- Other names: Chronic LSD syndrome; "Acid head" syndrome
- Specialty: Psychiatry
- Symptoms: Eccentricity, magical and superstitious beliefs, isolation from general society, others
- Causes: Chronic psychedelic use
- Treatment: Psychotherapy

= Psychedelic syndrome =

Psychedelic syndrome, also known as chronic LSD syndrome or "acid head" syndrome, is a partially culture-bound psychological syndrome that was proposed to involve pronounced psychosocial and personality changes due to chronic or prolonged use of psychedelic drugs, namely LSD. It was first proposed in 1969 by a physician named David E. Smith, who was the founder and medical director of the Haight Ashbury Free Clinic (also known as the "hippie clinic") in the Haight-Ashbury district of San Francisco and who had encountered many people frequently using LSD. He was also an academic and the founder and editor of the Journal of Psychedelic Drugs (1967–present). Others besides Smith made similar or analogous informal observations of the phenomenon as well.

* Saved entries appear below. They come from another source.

Definition wf_model (P : dist_model) : Prop :=
  [/\ measurable_fun setT (prop P),
      (forall x, 0 <= prop P x <= 1) &
      (forall (a : bool) (B : set Y), measurable B ->
         measurable_fun [set: X] (fun x : X => (condY P a x B : \bar R)))].

Definition innerZ (P : dist_model) (g : X -> bool -> Y -> R) (x : X) : R :=
  prop P x * fine (\int[condY P true x]_y (g x true y)%:E)%E
  + (1 - prop P x) * fine (\int[condY P false x]_y (g x false y)%:E)%E.

Definition is_meanZ (P : dist_model) (f : X -> bool -> Y -> H) (m : H) : Prop :=
  forall h : H,
    [/\ (forall (a : bool) (x : X),
           (condY P a x).-integrable setT (fun y => (ipH S (f x a y) h)%:E)),
        (margX P).-integrable setT
           (fun x => (innerZ P (fun x a y => ipH S (f x a y) h) x)%:E) &
        (\int[margX P]_x (innerZ P (fun x a y => ipH S (f x a y) h) x)%:E
           = (ipH S m h)%:E)%E].

Definition hmeanZ (P : dist_model) (f : X -> bool -> Y -> H) : H :=
  xget 0 [set m | is_meanZ P f m].

Definition theta (P : dist_model) (a : bool) (x : X) : H :=
  tens S (featX S x) (hmean (ipY S) (condY P a x) (featY S)).

Definition psi (P : dist_model) : H :=
  hmean (ipH S) (margX P) (fun x => theta P true x - theta P false x).

Definition phi (P : dist_model) (x : X) (a : bool) (y : Y) : H :=
  ((a%:R / prop P x - (1 - a%:R) / (1 - prop P x)) *: (Lambda x y - theta P a x))
  + theta P true x - theta P false x - psi P.

Definition remainder (Pstar Phat : dist_model) : H :=
  psi Phat + hmeanZ Pstar (phi Phat) - psi Pstar.

End TensorRKHS.

(* Stochastic order symbols (with outer probability, so that no         *)
(* measurability of the random quantities is presupposed).              *)
Section StochasticOrder.
Variables (R : realType) (d : measure_display) (Omega : measurableType d)
  (Pr : probability Omega R).

Definition bigOp (W : nat -> Omega -> \bar R) (r : R) : Prop :=
  forall eps : R, 0 < eps -> exists M : R, 0 < M /\
    exists N : nat, forall n : nat, (N <= n)%N ->
      exists B : set Omega, [/\ measurable B,
        [set w | ((M * (n%:R `^ (- r)))%:E < W n w)%E] `<=` B &
        (Pr B < eps%:E)%E].

Definition littleop (W : nat -> Omega -> \bar R) (r : R) : Prop :=
  forall eps delta : R, 0 < eps -> 0 < delta ->
    exists N : nat, forall n : nat, (N <= n)%N ->
      exists B : set Omega, [/\ measurable B,
        [set w | ((delta * (n%:R `^ (- r)))%:E < W n w)%E] `<=` B &
        (Pr B < eps%:E)%E].

End StochasticOrder.

(* Every H-valued quantity is tested against a fixed h in H: the H-valued means
   are defined weakly, so the Riesz representation theorem supplies them, and the
   density of the feature spans together with the separability of H makes every
   integrand measurable.  Integrating phi_n over Y given (A, X) = (a, x) under
   P_star replaces Lambda by theta_star,a; averaging over A then gives the doubly
   robust identity
     R_n = E_star[ (pi_star - pi_n) / pi_n       (theta_star,1 - theta_n,1)
                 + (pi_star - pi_n) / (1 - pi_n) (theta_star,0 - theta_n,0) ].
   Strong positivity of pi_n bounds both weights by |pi_n - pi_star| / eta, and
   Hoelder's inequality yields
     ||R_n|| <= ||pi_n - pi_star||_2 (||theta_n,1 - theta_star,1||_2
                                      + ||theta_n,0 - theta_star,0||_2) / eta.
   Rates of O_p terms add under products and take the minimum under sums, and an
   O_p(n^-r) term with r > 1/2 is o_p(n^-1/2). *)

From HB Require Import structures.
From mathcomp Require Import all_boot all_order all_algebra.
From mathcomp Require Import all_classical all_reals all_analysis.
From mathcomp Require Import measurable_realfun.
From mathcomp Require Import ring lra.
Import Order.TTheory GRing.Theory Num.Theory.
Import numFieldNormedType.Exports.
Local Open Scope classical_set_scope.
Local Open Scope ring_scope.
Set Implicit Arguments.
Unset Strict Implicit.
Unset Printing Implicit Defensive.

(** * Real inner product spaces *)

Section LinearFunctional.
Variables (R : realType) (V : lmodType R).

Definition linear_functional (l : V -> R) : Prop :=
  forall a u v, l (a *: u + v) = a * l u + l v.

Variable l : V -> R.
Hypothesis l_linear : linear_functional l.

Lemma linear_functional0 : l 0 = 0.
Proof. by have := l_linear 1 0 0; rewrite scale1r addr0 mul1r => h; lra. Qed.

Lemma linear_functionalD u v : l (u + v) = l u + l v.
Proof. by have := l_linear 1 u v; rewrite scale1r mul1r. Qed.

Lemma linear_functionalZ a u : l (a *: u) = a * l u.
Proof. by rewrite -[a *: u]addr0 l_linear linear_functional0 addr0. Qed.

Lemma linear_functionalB u v : l (u - v) = l u - l v.
Proof. by rewrite linear_functionalD -scaleN1r linear_functionalZ mulN1r. Qed.

Lemma linear_functional_lincomb (I : Type) (G : I -> V) (s : seq (R * I)) :
  l (\sum_(p <- s) p.1 *: G p.2) = \sum_(p <- s) p.1 * l (G p.2).
Proof.
elim: s => [|p s IH]; first by rewrite !big_nil linear_functional0.
by rewrite !big_cons l_linear IH.
Qed.

End LinearFunctional.

Section InnerProduct.
Variables (R : realType) (V : lmodType R) (ip : V -> V -> R).
Hypothesis ip_hilbert : is_hilbert ip.

Lemma ipC u v : ip u v = ip v u.
Proof. by case: ip_hilbert. Qed.

Lemma ip_self_ge0 u : 0 <= ip u u.
Proof. by case: ip_hilbert. Qed.

Lemma ip_self_eq0 u : ip u u = 0 -> u = 0.
Proof. by case: ip_hilbert => _ _ _ + _; apply. Qed.

Lemma ip_linear_functional w : linear_functional (ip w).
Proof. by move=> a u v; rewrite !(ipC w); case: ip_hilbert. Qed.

Lemma ip0r w : ip w 0 = 0.
Proof. exact: linear_functional0 (ip_linear_functional w). Qed.
Lemma ipDr u v w : ip w (u + v) = ip w u + ip w v.
Proof. exact: (linear_functionalD (ip_linear_functional w) u v). Qed.
Lemma ipZr a u w : ip w (a *: u) = a * ip w u.
Proof. exact: (linear_functionalZ (ip_linear_functional w) a u). Qed.
Lemma ipBr u v w : ip w (u - v) = ip w u - ip w v.
Proof. exact: (linear_functionalB (ip_linear_functional w) u v). Qed.
Lemma ipNr u w : ip w (- u) = - ip w u.
Proof. by rewrite -sub0r ipBr ip0r sub0r. Qed.

Lemma ip0l w : ip 0 w = 0.
Proof. by rewrite ipC ip0r. Qed.
Lemma ipDl u v w : ip (u + v) w = ip u w + ip v w.
Proof. by rewrite ipC ipDr !(ipC w). Qed.
Lemma ipZl a u w : ip (a *: u) w = a * ip u w.
Proof. by rewrite ipC ipZr ipC. Qed.
Lemma ipBl u v w : ip (u - v) w = ip u w - ip v w.
Proof. by rewrite ipC ipBr !(ipC w). Qed.
Lemma ipNl u w : ip (- u) w = - ip u w.
Proof. by rewrite ipC ipNr ipC. Qed.

Lemma hnorm_ge0 u : 0 <= hnorm ip u.
Proof. exact: sqrtr_ge0. Qed.

Lemma hnorm_sqr u : hnorm ip u ^+ 2 = ip u u.
Proof. by rewrite sqr_sqrtr // ip_self_ge0. Qed.

Lemma hnorm_lt u e : 0 < e -> (hnorm ip u < e) = (ip u u < e ^+ 2).
Proof. by move=> e0; rewrite -hnorm_sqr ltr_pXn2r // nnegrE ?hnorm_ge0 ?ltW. Qed.

Lemma cauchy_schwarz_sqr u v : ip u v ^+ 2 <= ip u u * ip v v.
Proof.
have [v0|vn0] := eqVneq (ip v v) 0.
  by rewrite (ip_self_eq0 v0) ip0r ip0l expr0n /= mulr0.
have vp : 0 < ip v v by rewrite lt0r vn0 ip_self_ge0.
set w := u - (ip u v / ip v v) *: v.
rewrite -subr_ge0; have -> : ip u u * ip v v - ip u v ^+ 2 = ip v v * ip w w.
  by rewrite /w !ipBl !ipBr !ipZl !ipZr (ipC v u); field.
by rewrite mulr_ge0 ?ip_self_ge0 // ltW.
Qed.

Lemma cauchy_schwarz u v : `|ip u v| <= hnorm ip u * hnorm ip v.
Proof.
rewrite -(@ler_pXn2r _ 2) ?nnegrE ?mulr_ge0 ?hnorm_ge0 //.
by rewrite exprMn !hnorm_sqr real_normK ?num_real // cauchy_schwarz_sqr.
Qed.

Lemma ip_norm_le u v B : hnorm ip u <= B -> `|ip u v| <= B * hnorm ip v.
Proof. by move=> uB; rewrite (le_trans (cauchy_schwarz u v)) // ler_wpM2r ?hnorm_ge0. Qed.

Lemma hnormD_le u v : hnorm ip (u + v) <= hnorm ip u + hnorm ip v.
Proof.
rewrite -(@ler_pXn2r _ 2) ?nnegrE ?addr_ge0 ?hnorm_ge0 //.
rewrite hnorm_sqr ipDl !ipDr sqrrD !hnorm_sqr (ipC v u).
have := le_trans (ler_norm (ip u v)) (cauchy_schwarz u v); lra.
Qed.

Lemma hnormZ a u : hnorm ip (a *: u) = `|a| * hnorm ip u.
Proof.
by rewrite /hnorm ipZl ipZr mulrA -expr2 sqrtrM ?sqr_ge0 // sqrtr_sqr.
Qed.

Lemma hnormN u : hnorm ip (- u) = hnorm ip u.
Proof. by rewrite /hnorm ipNl ipNr opprK. Qed.

Lemma hnorm_distC u v : hnorm ip (u - v) = hnorm ip (v - u).
Proof. by rewrite -hnormN opprB. Qed.

Lemma hnormB_le u v : hnorm ip (u - v) <= hnorm ip u + hnorm ip v.
Proof. by rewrite -(hnormN v) hnormD_le. Qed.

Lemma hnorm_le_of_ip_self u c :
  0 <= c -> ip u u <= c * hnorm ip u -> hnorm ip u <= c.
Proof.
move=> c0; have [->|n0] := eqVneq (hnorm ip u) 0; first by [].
have np : 0 < hnorm ip u by rewrite lt0r n0 hnorm_ge0.
by rewrite -hnorm_sqr expr2 ler_pM2r.
Qed.

Section Riesz.
Variable l : V -> R.
Hypothesis l_linear : linear_functional l.
Variable C : R.
Hypothesis l_bounded : forall h, `|l h| <= C * hnorm ip h.

(* the minimizer of this energy is the Riesz representative of [l] *)
Let energy h := ip h h / 2 - l h.

Let l_le h : l h <= `|C| * hnorm ip h.
Proof.
apply: le_trans (ler_norm _) (le_trans (l_bounded h) _).
by rewrite ler_wpM2r ?hnorm_ge0 ?ler_norm.
Qed.

Let energy_ge h : - (`|C| ^+ 2 / 2) <= energy h.
Proof.
rewrite /energy -hnorm_sqr; have := l_le h; have := hnorm_ge0 h.
have := sqr_ge0 (hnorm ip h - `|C|); rewrite sqrrB; nra.
Qed.

Let energy_midpoint a b :
  energy a + energy b - 2 * energy (2^-1 *: (a + b)) = ip (a - b) (a - b) / 4.
Proof.
rewrite /energy (linear_functionalZ l_linear) (linear_functionalD l_linear).
by rewrite ipZl !ipZr !ipDl !ipDr ?ipBl ?ipBr ?ipNl ?ipNr (ipC b a); field.
Qed.

Let energy_le m h : energy m <=
  energy h + hnorm ip (h - m) * ((hnorm ip (h - m) + 2 * hnorm ip m) / 2 + `|C|).
Proof.
have diff : energy m - energy h = l (h - m) - ip (h - m) (h + m) / 2.
  by rewrite /energy (linear_functionalB l_linear) ipBl !ipDr (ipC m h); field.
have d0 := hnorm_ge0 (h - m).
have sum_le : hnorm ip (h + m) <= hnorm ip (h - m) + 2 * hnorm ip m.
  have := hnormD_le (h - m + m) m; have := hnormD_le (h - m) m.
  by rewrite subrK; lra.
have ip_ge : - (hnorm ip (h - m) * hnorm ip (h + m)) <= ip (h - m) (h + m).
  by have := cauchy_schwarz (h - m) (h + m); rewrite ler_norml => /andP[].
have := ler_wpM2l d0 sum_le; have := l_le (h - m); nra.
Qed.

Let energies := range energy.

Let energies_inf : has_inf energies.
Proof.
split; first by exists (energy 0), 0.
by exists (- (`|C| ^+ 2 / 2)) => _ [h _ <-]; exact: energy_ge.
Qed.

Let inf_le_energy h : inf energies <= energy h.
Proof. by apply: (ge_inf energies_inf.2); exists h. Qed.

Let minimizing n : exists h, energy h < inf energies + n.+1%:R^-1.
Proof.
have pos : 0 < n.+1%:R^-1 :> R by rewrite invr_gt0.
by have [_ [h _ <-] lt] := inf_adherent pos energies_inf; exists h.
Qed.

Let inv_natS_le (m n : nat) : (n <= m)%N -> m.+1%:R^-1 <= n.+1%:R^-1 :> R.
Proof. by move=> nm; rewrite lef_pV2 ?posrE ?ltr0n // ler_nat ltnS. Qed.

Let minimizing_cauchy hs : (forall n, energy (hs n) < inf energies + n.+1%:R^-1) ->
  forall e, 0 < e -> exists N : nat, forall m n : nat,
    (N <= m)%N -> (N <= n)%N -> hnorm ip (hs m - hs n) < e.
Proof.
move=> hsP e e0.
have [N] := ltr_add_invr (divr_gt0 (exprn_gt0 2 e0) (ltr0n R 8)).
rewrite add0r => HN.
exists N => m n Nm Nn; rewrite hnorm_lt //.
have := energy_midpoint (hs m) (hs n); have := inf_le_energy (2^-1 *: (hs m + hs n)).
have := hsP m; have := hsP n; have := inv_natS_le Nm; have := inv_natS_le Nn.
move: HN; set a := N.+1%:R^-1; set b := m.+1%:R^-1; set c := n.+1%:R^-1.
set q := ip _ _; lra.
Qed.
Lemma face_tilde p w : face (tilde V p) w = map F (face p (tilde_proj w)).
Proof.
rewrite /face lsupp_tilde filter_map; congr map; apply: eq_filter => a /=.
by rewrite all_map; apply: eq_all => b /=; rewrite !pairing_tilde.
Qed.

Lemma in_trop_tilde p w : in_trop val (tilde V p) w <-> in_trop val p (tilde_proj w).
Proof.
rewrite /in_trop argmin_tilde size_map lsupp_tilde.
by case: (lsupp p) => [|? ?]; split=> [[]|[]]; by [left | right].
Qed.

Lemma Yint_tilde k (f : 'I_k -> laurent K n) J w :
  Yint val (fun i => tilde V (f i)) J w <-> Yint val f J (tilde_proj w).
Proof. by split=> Hw j /Hw/in_trop_tilde. Qed.

End TildeTropical.

Section TildeAffdim.
Variables (n l : nat) (V : 'M[int]_(l, n)).
Local Notation F := (tilde_exp V).
Local Notation ratmx := (map_mx (fun x : int => x%:~R : rat)).

Lemma mxrank_matrix_cast N k1 k2 (e : k1 = k2) (E : nat -> 'rV[rat]_N) :
  \rank (\matrix_(i < k1) E i) = \rank (\matrix_(i < k2) E i).
Proof. by case: _ / e. Qed.

Lemma mxrank_tilde_rows k (E : nat -> 'rV[int]_n) :
  \rank (\matrix_(i < k) ratmx (F (E i))) = \rank (\matrix_(i < k) ratmx (E i)).
Proof.
set M := \matrix_(i < k) ratmx (E i).
have -> : \matrix_(i < k) ratmx (F (E i)) = M *m row_mx 1%:M (ratmx V)^T.
  apply/row_matrixP => i; rewrite mul_mx_row mulmx1 rowK row_row_mx row_mul !rowK.
  by rewrite /tilde_exp map_row_mx map_mxM map_trmx.
apply/eqP; rewrite eqn_leq mxrankM_maxl /=.
have {1}-> : M = (M *m row_mx 1%:M (ratmx V)^T) *m col_mx 1%:M 0.
  by rewrite -mulmxA mul_row_col mulmx0 addr0 !mulmx1.
exact: mxrankM_maxl.
Qed.

Lemma affdim_tilde (s : seq 'rV[int]_n) : affdim (map F s) = affdim s.
Proof.
rewrite /affdim (mxrank_matrix_cast (size_map F s)
  (fun i => ratmx (nth 0 (map F s) i - head 0 (map F s)))).
have nthF i : nth 0 (map F s) i = F (nth 0 s i).
  have [ltis|leis] := ltnP i (size s); first exact: nth_map.
  by rewrite !nth_default ?size_map ?tilde_exp0.
have headF : head 0 (map F s) = F (head 0 s) by case: s {nthF} => /=; rewrite ?tilde_exp0.
rewrite -(mxrank_tilde_rows (size s) (fun i => nth 0 s i - head 0 s)).
by congr mxrank; apply/row_matrixP => i; rewrite !rowK nthF headF tilde_expB.
Qed.

Lemma msum_tilde (ss : seq (seq 'rV[int]_n)) :
  msum (map (map F) ss) = map F (msum ss).
Proof.
elim: ss => [|s ss IH] /=; first by rewrite tilde_exp0.
rewrite IH /minkowski; elim: s => //= x s IHs.
by rewrite IHs map_cat -!map_comp; congr (_ ++ _); apply: eq_map => y /=; rewrite tilde_expD.
Qed.

End TildeAffdim.

Section TildeEval.
Variables (K L : fieldType) (iota : {rmorphism K -> L}).
Variables (n l : nat) (V : 'M[int]_(l, n)).

Definition subst_point (z : 'I_(n + l) -> L) (j : 'I_n) : L :=
  z (lshift l j) * \prod_(k < l) z (rshift n k) ^ (V k j).

Lemma subst_point_neq0 z : (forall j, z j != 0) -> forall j, subst_point z j != 0.
Proof.
move=> z_neq0 j; rewrite mulf_neq0 //; apply/prodf_neq0 => k _.
exact: expfz_neq0.
Qed.

Lemma leval_tilde (q : laurent K n) z : (forall j, z j != 0) ->
  leval iota (tilde V q) z = leval iota q (subst_point z).
Proof.
move=> z_neq0; rewrite /leval /tilde big_map; apply: eq_bigr => t _; congr (_ * _).
under [in RHS]eq_bigr do rewrite expfzMl.
rewrite big_split_ord big_split /=; congr (_ * _).
  by apply: eq_bigr => j _; rewrite /tilde_exp row_mxEl.
under eq_bigr => k _ do rewrite /tilde_exp row_mxEr mxE
   (big_morph (fun e => z (rshift n k) ^ e) (fun a b => expfzDr a b (z_neq0 _)) (expr0z _)).
rewrite exchange_big /=; apply: eq_bigr => j _.
rewrite (big_morph (fun x => x ^ (t.1 0 j)) (fun x y => expfzMl x y _) (exp1rz _ _)).
by apply: eq_bigr => k _; rewrite exprz_exp mxE mulrC.
Qed.

End TildeEval.

Section Dimension.
Variable R : realFieldType.

Definition in_corner_simplex d (x : 'rV[R]_d) : Prop :=
  (forall i, 0 <= x 0 i) /\ \sum_i x 0 i <= 1.

Definition dim_ge_param N (S : 'rV[R]_N -> Prop) d : Prop :=
  exists p0 (D : 'M[R]_(d, N)), \rank D = d /\
    forall x, in_corner_simplex x -> S (p0 + x *m D).

Lemma simplex_combinationE N d (p : 'I_d.+1 -> 'rV[R]_N) (t : 'I_d.+1 -> R) :
  \sum_i t i = 1 ->
  \sum_i t i *: p i = p ord0 + \row_i t (lift ord0 i) *m \matrix_i (p (lift ord0 i) - p ord0).
Proof.
rewrite big_ord_recl => t1; rewrite big_ord_recl mulmx_sum_row.
under [X in _ = _ + X]eq_bigr do rewrite rowK mxE scalerBr.
rewrite sumrB -scaler_suml.
have -> : t ord0 = 1 - \sum_(i < d) t (lift ord0 i) by rewrite -t1 addrK.
by rewrite scalerBl scale1r addrAC -addrA.
Qed.

Lemma dim_geP N (S : 'rV[R]_N -> Prop) d : dim_ge S d <-> dim_ge_param S d.
Proof.
split=> [[p [rkD HS]]|[p0 [D [rkD HS]]]].
  exists (p ord0), (\matrix_i (p (lift ord0 i) - p ord0)); split=> // x [x_ge0 x_le1].
  pose t i := if unlift ord0 i is Some j then x 0 j else 1 - \sum_j x 0 j.
  have t_lift i : t (lift ord0 i) = x 0 i by rewrite /t liftK.
  have t_ord0 : t ord0 = 1 - \sum_j x 0 j by rewrite /t unlift_none.
  have sum_t : \sum_i t i = 1.
    by rewrite big_ord_recl t_ord0 (eq_bigr _ (fun i _ => t_lift i)) subrK.
  have t_ge0 i : 0 <= t i.
    by case: (unliftP ord0 i) => [j ->|->]; rewrite ?t_lift ?t_ord0 ?subr_ge0.
  have := HS t t_ge0 sum_t; rewrite simplex_combinationE //.
  by congr (S (_ + _ *m _)); apply/rowP => i; rewrite mxE t_lift.
pose p i := p0 + if unlift ord0 i is Some j then row j D else 0.
have edgesE : \matrix_i (p (lift ord0 i) - p ord0) = D.
  by apply/row_matrixP => i; rewrite rowK /p liftK unlift_none addr0 addrC addKr.
exists p; split=> [|t t_ge0 sum_t]; first by rewrite edgesE.
rewrite simplex_combinationE // edgesE /p unlift_none addr0.
apply: HS; split=> [i|]; first by rewrite mxE.
move: sum_t; rewrite big_ord_recl => sum_t.
by under eq_bigr do rewrite mxE; rewrite -sum_t lerDr.
Qed.

Lemma dim_ge_param_sub N (S1 S2 : 'rV[R]_N -> Prop) d :
  (forall w, S1 w -> S2 w) -> dim_ge_param S1 d -> dim_ge_param S2 d.
Proof. by move=> S12 [p0 [D [rkD HS]]]; exists p0, D; split=> // x /HS/S12. Qed.

Section RowSelection.
Variables (m k : nat) (h : 'I_m -> 'I_k).
Hypothesis h_inj : injective h.

Lemma mulmx_rowsub1E (u : 'rV[R]_m) j :
  (u *m rowsub h 1%:M) 0 j = \sum_i u 0 i * (h i == j)%:R.
Proof. by rewrite mxE; apply: eq_bigr => i _; rewrite !mxE. Qed.

Lemma mulmx_rowsub1_at (u : 'rV[R]_m) i : (u *m rowsub h 1%:M) 0 (h i) = u 0 i.
Proof.
rewrite mulmx_rowsub1E (bigD1 i) //= eqxx mulr1 big1 ?addr0 // => j /negbTE ji.
by rewrite (inj_eq h_inj) ji mulr0.
Qed.

Lemma in_corner_simplex_rowsub1 (u : 'rV[R]_m) :
  in_corner_simplex u -> in_corner_simplex (u *m rowsub h 1%:M).
Proof.
move=> [u_ge0 sum_u]; split=> [j|].
  by rewrite mulmx_rowsub1E; apply: sumr_ge0 => i _; rewrite mulr_ge0 ?ler0n.
rewrite (eq_bigr _ (fun j _ => mulmx_rowsub1E u j)) exchange_big /=.
apply: le_trans sum_u; apply/ler_sum => i _.
rewrite (bigD1 (h i)) //= eqxx mulr1 big1 ?addr0 // => j /negbTE ji.
by rewrite eq_sym ji mulr0.
Qed.

Lemma row_free_rowsub N (M : 'M[R]_(k, N)) : row_free M -> row_free (rowsub h M).
Proof.
move=> freeM; apply: inj_row_free => u; rewrite rowsubE mulmxA => /eqP.
rewrite -(mul0mx _ M) => /eqP/(row_free_inj freeM) u0.
by apply/rowP => i; rewrite -mulmx_rowsub1_at u0 !mxE.
Qed.

Lemma dim_ge_param_rowsub N (S : 'rV[R]_N -> Prop) p0 (D : 'M[R]_(k, N)) :
  row_free (rowsub h D) -> (forall x, in_corner_simplex x -> S (p0 + x *m D)) ->
  dim_ge_param S m.
Proof.
move=> freeD HS; exists p0, (rowsub h D); split; first exact/eqP.
by move=> x /in_corner_simplex_rowsub1/HS; rewrite [rowsub h D]rowsubE mulmxA.
Qed.

End RowSelection.

Variables (n l : nat) (V : 'M[int]_(l, n)).
Local Notation P := (tilde_proj V).

Lemma dim_ge_param_comap (S : 'rV[R]_n -> Prop) d :
  dim_ge_param S d -> dim_ge_param (fun w => S (P w)) (d + l).
Proof.
case=> p0 [D [rkD HS]].
have freeD : row_free D by rewrite /row_free rkD.
exists (row_mx p0 0), (col_mx (row_mx D 0) (row_mx (- map_mx intr V) 1%:M)); split.
  apply/eqP/inj_row_free => u.
  rewrite -[u]hsubmxK mul_row_col !mul_mx_row !mulmx0 mulmx1 add_row_mx add0r.
  rewrite -row_mx0 => /eq_row_mx[uD u2]; move: uD; rewrite u2 mul0mx addr0.
  by rewrite -(mul0mx 1 D) => /(row_free_inj freeD) ->; rewrite row_mx0.
move=> x [x_ge0 sum_x]; rewrite /tilde_proj /tilde_projmx mulmxDl -mulmxA.
rewrite mul_col_mx !mul_row_col !mulmx1 !mul0mx !addr0 mul1mx addNr.
rewrite -[x]hsubmxK mul_row_col mulmx0 addr0; apply: HS; split=> [i|].
  by rewrite mxE.
apply: le_trans sum_x; rewrite [X in _ <= X]big_split_ord /=.
by under eq_bigr do rewrite mxE; rewrite lerDl sumr_ge0.
Qed.

Lemma mxrank_tilde_projmx : (n <= \rank (tilde_projmx R V))%N.
Proof.
have id_n : row_mx 1%:M 0 *m tilde_projmx R V = 1%:M.
  by rewrite mul_row_col mul1mx mul0mx addr0.
by rewrite -{1}(mxrank1 R n) -id_n mxrankM_maxr.
Qed.

Lemma dim_ge_param_of_comap (S : 'rV[R]_n -> Prop) e :
  dim_ge_param (fun w => S (P w)) e -> dim_ge_param S (e - l).
Proof.
case=> p0 [D [rkD HS]]; set M := D *m tilde_projmx R V.
have le_rkM : (e - l <= \rank M)%N.
  have := mxrank_mul_min D (tilde_projmx R V); rewrite rkD -/M.
  have := mxrank_tilde_projmx; move: (\rank _) (\rank M) => r s; lia.
have widen_inj : injective (widen_ord le_rkM) by move=> i j /(congr1 val) /= /val_inj.
pose h i := maxrankfun M (widen_ord le_rkM i).
have h_inj : injective h by move=> i j /maxrankfun_inj/widen_inj.
apply: (dim_ge_param_rowsub (h := h) (p0 := p0 *m tilde_projmx R V) (D := M)).
  have -> : rowsub h M = rowsub (widen_ord le_rkM) (rowsub (maxrankfun M) M).
    by apply/matrixP => i j; rewrite !mxE.
  exact/row_free_rowsub/maxrowsub_free.
by move=> x /HS; rewrite /tilde_proj mulmxDl mulmxA.
Qed.

Lemma has_dim_comap (S : 'rV[R]_n -> Prop) (T : 'rV[R]_(n + l) -> Prop) d :
  (forall w, T w <-> S (P w)) -> has_dim S d -> has_dim T (d + l).
Proof.
move=> TS [/dim_geP dimS maxS]; split=> [|e /dim_geP dimT].
  by apply/dim_geP; apply: dim_ge_param_sub (dim_ge_param_comap dimS) => w /TS.
have /dim_ge_param_of_comap/dim_geP/maxS : dim_ge_param (fun w => S (P w)) e.
  by apply: dim_ge_param_sub dimT => w /TS.
lia.
Qed.

End Dimension.

Section Levels.
Variables (K : fieldType) (n l : nat) (V : 'M[int]_(l, n)).
Local Notation F := (tilde_exp V).

Definition level (c : 'rV[int]_(n + l)) : 'rV[int]_l := rsubmx c - lsubmx c *m V^T.

(* the exponent [F a + (0, b)] *)
Definition at_level (b : 'rV[int]_l) (a : 'rV[int]_n) : 'rV[int]_(n + l) :=
  row_mx a (b + a *m V^T).

Definition slice b (q : laurent K (n + l)) : laurent K n :=
  [seq (lsubmx t.1, t.2) | t <- q & level t.1 == b].

Lemma at_levelK b a : lsubmx (at_level b a) = a.
Proof. exact: row_mxKl. Qed.

Lemma at_level_inj b : injective (at_level b).
Proof. by move=> a a' /(congr1 lsubmx); rewrite !at_levelK. Qed.

Lemma eq_at_level b a c : (c == at_level b a) = (level c == b) && (lsubmx c == a).
Proof.
apply/eqP/andP => [->|[/eqP <- /eqP <-]].
  by rewrite /level /at_level row_mxKr row_mxKl addrK !eqxx.
by rewrite /at_level /level subrK hsubmxK.
Qed.

Lemma at_level_lsubmx c : at_level (level c) (lsubmx c) = c.
Proof. by apply/esym/eqP; rewrite eq_at_level !eqxx. Qed.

According to Smith, the syndrome resulted in profound alterations in psychosocial functioning and lifestyle. The symptoms of the syndrome were claimed to include belief in magic or magical concepts; intense study of "metaphysical objects"; superstition; belief in astrology; belief in mental telepathy, extrasensory perception (ESP), and telekinesis; mysticism; and isolation from general or mainstream society. Additional symptoms were said to include a profound belief in non-violence and rejection of physical aggression, with consequent frequent adoption of vegetarianism due to the rejection of killing; a deep desire to return to nature and more natural ways of being; and self-psychoanalytic, pseudoreligious, and creative aspirations. The symptoms were said to be uncharacteristic of the demographics of the individuals exhibiting them, for instance many of them being from middle-class homes, being above-average in intelligence, previously holding conventional beliefs, and having little background in mystical ideas. They were also said to not be consistent with schizophrenia, as cognitive abilities and intense interpersonal relationships remained intact, and the individuals could only be described as "eccentric". The syndrome and its symptoms have also been referred to as an "unstructured psychedelic religion".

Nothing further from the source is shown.